2021-11-22

生存報告系個人誌『九重』創刊。





佐藤りえさんの個人誌『九重』が届いた。この栄えある創刊号に連作「ぼくの伯父さん」とエッセイ「アパルトマン雑感」を寄稿しています。りえさんいつもありがとう(涙)。11/23の文学フリマ東京にてH2O企画さん〔ソ-01〜02〕委託で取扱いされるそうです。同時刊行の空想科学俳句集『ぺこぽこ宇宙(ユニバース)』もかわいいので、文フリに出かけるみなさん、どうぞ実物を見に行ってね。


このエッセイには「さいきん無気力だ」などと書いてあるのですが、原稿を出してゲラが上がってくるまでの間に病気が判明して、無気力どころではなくなってしまった。いまはめっちゃぎらぎらしてる。目が。肉体の痛みと戦っているせいで、気力がめらめらと燃え盛っているらしい。
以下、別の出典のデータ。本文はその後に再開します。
(* The Rayleigh bound is attained by a real unit vector: take a top eigenvector
   of the complexified Gram matrix; its real and imaginary parts both attain the
   bound, and one of them is nonzero. *)
Lemma rayleigh_attained r c (M : 'M[R]_(r, c)) : (0 < c)%N ->
  exists w : 'rV[R]_c, rnorm2 w = 1 /\ rnorm2 (w *m M^T) = eigmax M.
Proof.
move=> c_gt0; have [i0 max_i0] := eigmax_attained M c_gt0.
pose u := row i0 (eigvecs M).
have u1 : rnorm2 (remx u) + rnorm2 (immx u) = 1.
  rewrite -cnorm2_split; apply: complexI; rewrite -cnorm2E.
  have /unitarymxP UU := eigvecs_unitary M.
  have -> : (u *m u ^t*) 0 0 = (eigvecs M *m (eigvecs M) ^t*) i0 i0.
    by rewrite !mxE; apply: eq_bigr => j _; rewrite !mxE.
  by rewrite UU mxE eqxx.
have uM : rnorm2 (remx u *m M^T) + rnorm2 (immx u *m M^T) = eigmax M.
  by rewrite -cnorm2_mul_cmx /cmx -map_trmx -/(cmx M) max_i0 /eig eigdiag_form.
have le_re := rayleigh_le M (remx u); have le_im := rayleigh_le M (immx u).
have Lsplit : eigmax M = eigmax M * rnorm2 (remx u) + eigmax M * rnorm2 (immx u).
  by rewrite -mulrDr u1 mulr1.
have eq_re : rnorm2 (remx u *m M^T) = eigmax M * rnorm2 (remx u) by lra.
have eq_im : rnorm2 (immx u *m M^T) = eigmax M * rnorm2 (immx u) by lra.
have [re_gt0|re_le0] := ltrP 0 (rnorm2 (remx u)).
  have [w [w1 wK]] := rnorm2_normalize re_gt0; exists w; split => //.
  by rewrite wK eq_re mulfK // gt_eqF.
have re0 : rnorm2 (remx u) = 0 by apply/eqP; rewrite eq_le re_le0 rnorm2_ge0.
have im1 : rnorm2 (immx u) = 1 by lra.
by exists (immx u); rewrite eq_im im1 mulr1.
Qed.

Lemma eigmax_le r c (M : 'M[R]_(r, c)) b : 0 <= b ->
  (forall v : 'rV[R]_c, rnorm2 (v *m M^T) <= b * rnorm2 v) -> eigmax M <= b.
Proof.
move=> b_ge0 bound; have [c0|c_gt0] := posnP c.
  by rewrite eigmax_dim0.
have [w [w1 wM]] := rayleigh_attained M c_gt0.
by rewrite -wM -[b]mulr1 -w1 bound.
Qed.

Lemma cap_neq0 (F : fieldType) k k' c (W : 'M[F]_(k, c)) (W' : 'M[F]_(k', c)) :
  (c < \rank W + \rank W')%N -> exists2 x : 'rV[F]_c, x != 0 & (x <= W)%MS && (x <= W')%MS.
Proof.
move=> dim_gt; have sum_cap := mxrank_sum_cap W W'; have sum_le := rank_leq_col (W + W')%MS.
have /rowV0Pn[x x_cap x_neq0] : (W :&: W')%MS != 0.
  by rewrite -mxrank_eq0 -lt0n; lia.
by exists x => //; rewrite (submx_trans x_cap (capmxSl _ _)) (submx_trans x_cap (capmxSr _ _)).
Qed.

(* Otherwise the
   span of the eigenvectors of M above t meets that of the eigenvectors of N not
   above t/a, and a common nonzero vector violates the hypothesis. *)
Lemma eig_count_le r r' c (M : 'M[R]_(r, c)) (N : 'M[R]_(r', c)) (a t : R) :
  (forall v : 'rV[R]_c, rnorm2 (v *m M^T) <= a * rnorm2 (v *m N^T)) ->
  (#|[pred i | (t < eig M i)%R]| <= #|[pred i | (t < a * eig N i)%R]|)%N.
Proof.
move=> MN; set S := [pred i | t < eig M i]; set T := [pred i | t < a * eig N i].
rewrite leqNgt; apply/negP => ST.
pose f : 'I_#|S| -> 'I_c := enum_val; pose g : 'I_#|[predC T]| -> 'I_c := enum_val.
have f_inj : injective f := @enum_val_inj _ _; have g_inj : injective g := @enum_val_inj _ _.
pose W := rowsub f (eigvecs M); pose W' := rowsub g (eigvecs N).
have W_unitary : W \is unitarymx by apply: rowsub_unitary => //; exact: eigvecs_unitary.
have W'_unitary : W' \is unitarymx by apply: rowsub_unitary => //; exact: eigvecs_unitary.
have dim_gt : (c < \rank W + \rank W')%N.
  by rewrite !mxrank_unitary // -{1}(card_ord c) -(cardC T) ltn_add2r.
have [x x_neq0 /andP[/submxP[y xy] /submxP[z xz]]] := cap_neq0 dim_gt.
have xMN : cnorm2 (x *m (cmx M)^T) <= a * cnorm2 (x *m (cmx N)^T).
  by rewrite /cmx !map_trmx !cnorm2_mul_cmx mulrDr lerD.
have lt_M : t * cnorm2 x < cnorm2 (x *m (cmx M)^T).
  rewrite xy (cnorm2_unitary y) //; apply: eigen_form_gt => //.
    by move=> i; have := enum_valP i.
  by apply: contraNneq x_neq0 => y0; rewrite xy y0 mul0mx.
have le_N : a * cnorm2 (x *m (cmx N)^T) <= t * cnorm2 x.
  rewrite xz (cnorm2_unitary z) //; apply: eigen_form_le => // i.
  by have := enum_valP i; rewrite inE /= -leNgt.
by have := lt_le_trans lt_M (le_trans xMN le_N); rewrite ltxx.
Qed.

End Rayleigh.

Lemma char_poly_similar (F : comNzRingType) k (P Q D : 'M[F]_k) :
  Q *m P = 1%:M -> char_poly (Q *m D *m P) = char_poly D.
Proof.
move=> QP; rewrite /char_poly /char_poly_mx.
have -> : 'X%:M - map_mx polyC (Q *m D *m P) =
    map_mx polyC Q *m ('X%:M - map_mx polyC D) *m map_mx polyC P.
  rewrite mulmxBr mulmxBl !map_mxM; congr (_ - _).
  by rewrite scalar_mxC -mulmxA -map_mxM QP map_mx1 mulmx1.
by rewrite !det_mulmx mulrAC -det_mulmx -map_mxM QP map_mx1 det1 mul1r.
Qed.

Section SingularValues.
Variable R : realType.

Lemma char_poly_gram r c (M : 'M[R]_(r, c)) :
  char_poly (M^T *m M) = \prod_(i < c) ('X - (eig M i)%:P).
Proof.
apply: (@map_poly_inj _ _ (real_complex R)).
rewrite map_char_poly map_mxM -map_trmx -/(cmx M) -/(gram M) gram_spectral.
rewrite char_poly_similar ?eigvecs_left // char_poly_trig ?diag_mx_is_trig //.
rewrite rmorph_prod; apply: eq_bigr => i _.
by rewrite mxE eqxx mulr1n eigdiagE -map_polyXsubC.
Qed.

Definition eigs r c (M : 'M[R]_(r, c)) : seq R := [seq eig M i | i <- index_enum 'I_c].

(* The square roots of the eigenvalues of M^T M form a valid list of singular
   values; hence the chosen list [svals M] meets the specification. *)
Lemma svals_spec r c (M : 'M[R]_(r, c)) : is_svals M (svals M).
Proof.
apply: xgetPex; exists [seq Num.sqrt x | x <- eigs M]; split.
- by rewrite !size_map -[in RHS](card_ord c) cardT enumT.
- by apply/allP => x /mapP [y _ ->]; rewrite sqrtr_ge0.
rewrite char_poly_gram !big_map; apply: eq_bigr => i _.
by rewrite sqr_sqrtr // eig_ge0.
Qed.

Lemma svals_sqr_perm r c (M : 'M[R]_(r, c)) :
  perm_eq [seq x ^+ 2 | x <- svals M] (eigs M).
Proof.
have [_ _ char_svals] := svals_spec M.
by apply: prod_XsubC_eq; rewrite !big_map -char_svals char_poly_gram.
Qed.

Lemma svals_ge0 r c (M : 'M[R]_(r, c)) x : x \in svals M -> 0 <= x.
Proof. by have [_ /allP svals_nneg _] := svals_spec M; exact: svals_nneg. Qed.

Lemma sum_svals r c (M : 'M[R]_(r, c)) (F : R -> R) :
  \sum_(x <- svals M) F x = \sum_(i < c) F (Num.sqrt (eig M i)).
Proof.
transitivity (\sum_(x <- svals M) F (Num.sqrt (x ^+ 2))).
  by apply: eq_big_seq => x x_sval; rewrite sqrtr_sqr ger0_norm ?(svals_ge0 x_sval).
rewrite -(big_map (fun x => x ^+ 2) xpredT (fun y => F (Num.sqrt y))).
by rewrite (perm_big _ (svals_sqr_perm M)) big_map.
Qed.

Lemma schatten_finE r c (M : 'M[R]_(r, c)) k :
  schatten (SFin k) M = powR (\sum_(i < c) Num.sqrt (eig M i) ^+ k) (k%:R)^-1.
Proof. by rewrite /= sum_svals. Qed.

Lemma schatten_infE r c (M : 'M[R]_(r, c)) : schatten SInf M = Num.sqrt (eigmax M).
Proof.
apply/eqP; rewrite eq_le; apply/andP; split.
  rewrite /schatten big_seq; apply: bigmax_le => [|x x_sval]; first exact: sqrtr_ge0.
  rewrite -[x]ger0_norm ?(svals_ge0 x_sval) // -sqrtr_sqr ler_wsqrtr //.
  have : x ^+ 2 \in eigs M.
    by rewrite -(perm_mem (svals_sqr_perm M)); apply: (map_f (fun x => x ^+ 2)).
  by move=> /mapP [i _ ->]; exact: eig_le_eigmax.
have [c0|c_gt0] := posnP c.
  by rewrite eigmax_dim0 // sqrtr0 bigmax_ge_id.
have [i ->] := eigmax_attained M c_gt0.
have : eig M i \in [seq x ^+ 2 | x <- svals M].
  by rewrite (perm_mem (svals_sqr_perm M)); apply: map_f; exact: mem_index_enum.
move=> /mapP [x x_sval ->]; rewrite sqrtr_sqr ger0_norm ?(svals_ge0 x_sval) //.
exact: le_bigmax_seq.
Qed.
早く手術したいのだけど主治医が「腕のいいスペシャリストにやってもらった方がいい」とわざわざ別の医者に回してくれて、いまは順番待ちの状態。命に別状のない病気で、待っている間は投薬治療でしのぐしかなく、寝たきり。

2021-11-11

言葉と恋と肉体



さいきんは朝起きると「あ。今日ブログ書けるかも」と思うのですが、歯を磨いたり顔を洗ったりしているうちに無理になってすぐ横になる、といった日々です。
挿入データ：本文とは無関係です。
Lemma card_Phi n : uniq (f4_Phi n) -> #|{: Phi F n}| = size (f4_Phi n).
Proof.
by move=> uniq_Phi; rewrite -(perm_size (perm_code_of_Phi uniq_Phi)) size_map cardE.
Qed.

Lemma sum_Phi n (g : seq nat -> algC) : uniq (f4_Phi n) ->
  \sum_(i < #|{: Phi F n}|) g (code_of_Phi (enum_val i)) = \sum_(c <- f4_Phi n) g c.
Proof.
move=> uniq_Phi; rewrite -(big_enum_val (fun x => g (code_of_Phi x))) /= -big_enum.
by rewrite -(big_map (@code_of_Phi n) xpredT g) (perm_big _ (perm_code_of_Phi uniq_Phi)).
Qed.

Lemma Rel_code n l (x y : Phi F n) :
  Rel a l x y = f4_rel n l (code_of_Phi x) (code_of_Phi y).
Proof.
rewrite /Rel /f4_rel -[val x]code_of_vecK -[val y]code_of_vecK.
have [x_ok y_ok] := (code_of_vec_valid (val x), code_of_vec_valid (val y)).
case: ifP => _; first rewrite -f4_val_pow -vec_of_code_scale.
  by rewrite (inj_in_eq (@vec_of_code_inj n) y_ok (code_valid_scale _ x_ok)).
by rewrite herm_vec_of_code -f4_val_pow (inj_in_eq f4_val_lt4_inj) ?inE ?f4_herm_lt4 ?f4_pow_lt4.
Qed.

Lemma adjE n l i j : adj n a l i j =
  (f4_rel n l (code_of_Phi (enum_val i)) (code_of_Phi (enum_val j)))%:R.
Proof. by rewrite mxE Rel_code. Qed.

Lemma adj_mul n (j k : 'I_6) (p : seq nat) :
  uniq (f4_Phi n) -> f4_intersection_numbers n j k p ->
  adj n a j *m adj n a k = \sum_(l < 6) (nth 0%N p l)%:R *: adj n a l.
Proof.
move=> uniq_Phi /allP p_ok; apply/matrixP => r s; rewrite !mxE summxE.
set c := code_of_Phi (enum_val r); set d := code_of_Phi (enum_val s).
under eq_bigr do rewrite !adjE -natrM mulnb.
rewrite (sum_Phi (fun e => (f4_rel n j c e && f4_rel n k e d)%:R)) //.
rewrite sum_indicator_count.
under [RHS]eq_bigr do rewrite mxE adjE -natrM.
rewrite -natr_sum (sum_ord_sumn (fun l => nth 0 p l * f4_rel n l c d)%N).
by rewrite (eqP (allP (p_ok c (code_of_Phi_mem _)) d (code_of_Phi_mem _))).
Qed.

Lemma adj_mul_delta n (j k l : 'I_6) :
  uniq (f4_Phi n) -> f4_intersection_numbers n j k (f4_delta l) ->
  adj n a j *m adj n a k = adj n a l.
Proof.
move=> uniq_Phi /(adj_mul uniq_Phi) ->; rewrite (bigD1 l) //= big1 ?addr0 => [|i i_neq_l].
  by rewrite /f4_delta (nth_map 0%N) ?size_iota // nth_iota // eqxx scale1r.
by rewrite /f4_delta (nth_map 0%N) ?size_iota // nth_iota // add0n (inj_eq val_inj) (negbTE i_neq_l) scale0r.
Qed.

Lemma sum_adj n : f4_rel_partition n -> \sum_(l < 6) adj n a l = const_mx 1.
Proof.
move=> /allP part; apply/matrixP => r s; rewrite summxE mxE.
under eq_bigr do rewrite adjE.
set c := code_of_Phi _; set d := code_of_Phi _.
rewrite -natr_sum (sum_ord_sumn (fun l => nat_of_bool (f4_rel n l c d))) sumn_count.
by rewrite (eqP (allP (part _ (code_of_Phi_mem _)) _ (code_of_Phi_mem _))).
Qed.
横になってじっとしているといろんなことを思い出します。「どうして自分はこのような人間になったのか?」といった問いにまつわるいろいろなこと、をです。

とつぜんですけど、本の作者に会ってみたいと思ったことってありますか?

わたしはあります。

空海。菅原道真。小池純代。その人の書いた本が孤高であればあるほど会いたい欲求が高まる。あれってどうしてなんでしょう。会って楽しいことなどひとつも期待していない、むしろ本人はあらゆる意味でひどい人かもしれないと覚悟すらして、にもかかわらず会いたいのは。

わたしの場合、会いたいという気持ちの源はシンプルにいって恋です。わたしは小池純代さんにお会いしたことがあるのですが、会ってなお恋心は冷めず、むしろますます深まり、いまでは反故の一枚まで拾い集めて読みたいほどに。
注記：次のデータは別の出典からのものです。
Lemma lcosH_twist_inj i g1 g2 : (0 < i < p)%N -> lcos H g1 = lcos H g2 ->
  lcos H (g1 * (z ^+ i)^-1) = lcos H (g2 * (z ^+ i)^-1) -> g1 = g2.
Proof.
case/andP=> i_gt0 ip /lcosH_cases [->//|->]; rewrite lcosH_t_invz.
by move=> /lcosH_invz_expz /invz_fixed /(ltn_dvdn_eq0 ip) i0; rewrite i0 in i_gt0.
Qed.

Lemma lcosH_twist_neq k g : (0 < k < p)%N -> lcos H g <> lcos H (g * (z ^+ k)^-1).
Proof. by case/andP=> k_gt0 kp /lcosH_invz_dvd /(ltn_dvdn_eq0 kp) k0; rewrite k0 in k_gt0. Qed.

Lemma lcosH_twist_disjoint i k g1 g2 : (0 < i <= p./2)%N -> (0 < k <= p./2)%N ->
  lcos H g1 = lcos H g2 -> lcos H (g1 * (z ^+ i)^-1) = lcos H (g2 * (z ^+ k)^-1) -> i = k.
Proof.
case/andP=> i_gt0 ih /andP[k_gt0 kh].
have [ip kp] : (i < p)%N /\ (k < p)%N by split; apply: leq_ltn_trans half_p_lt.
case/lcosH_cases=> ->; first by move/lcosH_invz_eq/(expz_inj ip kp).
rewrite lcosH_t_invz => /lcosH_invz_expz zik; have : (p %| i + k)%N.
  by apply: expz_eq1; rewrite expgD -zik mulgV.
by rewrite (negPf (half_sum_ndvd i_gt0 k_gt0 ih kh)).
Qed.

Lemma lcosH_twist_cover c x : lcos H x = lcos H c \/
  exists i, (0 < i <= p./2)%N /\
    exists g, lcos H g = lcos H c /\ lcos H (g * (z ^+ i)^-1) = lcos H x.
Proof.
have [m ->] := lcosH_nf c x; have [m0|m_gt0] := posnP m.
  by left; rewrite m0 expg0 mulg1.
right; have [mh|mh] := leqP m p./2.
  exists m; rewrite m_gt0 mh; split=> //; exists (c * t).
  by rewrite lcosH_t_invz -[c * t]/(c * tpow true) lcos_tpow.
exists (p - m)%N; split; first by have := half_double_p; have := ltn_ord m; lia.
by exists c; rewrite invz_sub // ltnW.
Qed.

Lemma Xfix_twist_val r i g c w : r \in Xfix t -> c \in sval (lcos H g) ->
  w \in sval (lcos H (g * (z ^+ i)^-1)) -> r (w^-1 * c) = r (z ^+ i).
Proof.
move=> r_X; rewrite !mem_lcos => cH wH.
have -> : w^-1 * c = ((g * (z ^+ i)^-1)^-1 * w)^-1 * (z ^+ i * (g^-1 * c)).
  by rewrite invMg invgK !mulgA mulgKV mulgK.
rewrite coindH ?groupVr ?Xfix_coind //.
by move: cH; rewrite mem_D2 => /orP[] /eqP->; rewrite ?mulg1 ?coact_t_mulr ?Xfix_coact_t.
Qed.

Lemma coind_expz_fixed f k : f \in coind t -> coact (z ^+ k) f = f -> ~~ (p %| k)%N ->
  f = [ffun=> f 1].
Proof.
move=> f_t zkf p_k.
have k_gt0 : (0 < k)%N by case: k zkf p_k => //; rewrite dvdn0.
have zf : coact z f = f.
  (* z is a power of z^k since p is prime *)
  case: (egcdnP p k_gt0) => u v uv _.
  have gcd1 : gcdn k p = 1%N by apply/eqP; rewrite -/(coprime k p) coprime_sym prime_coprime.
  have := coactX u zkf; rewrite -expgM mulnC uv gcd1 addn1 expgS mulnC expgM zp expg1n.
  by rewrite mulg1.
have f_expz m : f (z ^+ m) = f 1 by rewrite -[in RHS](coactX m zf) ffunE mul1g.
apply/ffunP => x; rewrite ffunE; have [m [[|] ->]] := dihedral_nf x; last first.
  by rewrite mulg1 f_expz.
by rewrite -mul_t_invz coindP // invz_expz f_expz.
Qed.

Lemma Xfix_stab r g : r \in Xfix t -> coact g r = r -> g = 1 \/ g = t.
Proof.
move=> r_X gr; have [m [e def_g]] := dihedral_nf g; subst g.
have zmr : coact (z ^+ m) r = r.
  by case: e gr => /= gr; [rewrite -coactM Xfix_coact_t in gr | rewrite mulg1 in gr].
have [m0|m_gt0] := posnP m; first by rewrite m0 expg0 mul1g; case: e {gr}; [right|left].
have p_m : ~~ (p %| m)%N by rewrite /dvdn modn_small ?ltn_ord // -lt0n.
have := Xfix_nonconst (r 1) r_X.
by rewrite -(coind_expz_fixed (Xfix_coind r_X) zmr p_m) eqxx.
Qed.

Lemma Xfix_orbit_eq r r' h : r \in Xfix t -> r' \in Xfix t -> coact h r = r' -> r = r'.
Proof.
move=> r_X r'_X hr; have [m [e def_h]] := dihedral_nf h; subst h.
have r'E : r' = coact (z ^+ m) r.
  by rewrite -hr; case: e {hr} => /=; rewrite ?mulg1 // -coactM Xfix_coact_t.
(* z^-m t z^m = z^-2m t fixes r, which forces z^2m = 1 *)
have conj_fix : coact ((z ^+ m)^-1 * t * z ^+ m) r = r.
  by rewrite -!coactM -r'E Xfix_coact_t // r'E coactK.
have [E|E] := Xfix_stab r_X conj_fix.
  by move: t_neq1; rewrite -(conjg_eq1 t (z ^+ m)) /conjg mulgA E eqxx.
move: E; rewrite -mulgA mul_t_expz -invz_expz mulgA -{2}[t]mul1g => /mulIg /invz_sqr_eq1.
by move=> /(ltn_dvdn_eq0 (ltn_ord m)) m0; rewrite r'E m0 expg0 coact1.
Qed.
そこに書かれた言葉が、壊れてしまう肉体から生じたものであるということが、せつなく愛おしい。そのせつなさと愛おしさを噛みしめたいのでしょうか。

* * *

冬泉さんがわたしの連作「オンフルールの海の歌」の全句に脇をつけてくれました。冬泉さんの書くものって学芸全般に通じている人のかもしだす豊かな華がありますよね。画像は羊我堂さん作。すごく上品で香水のラベルみたい。お読みいただけましたらとても嬉しいです。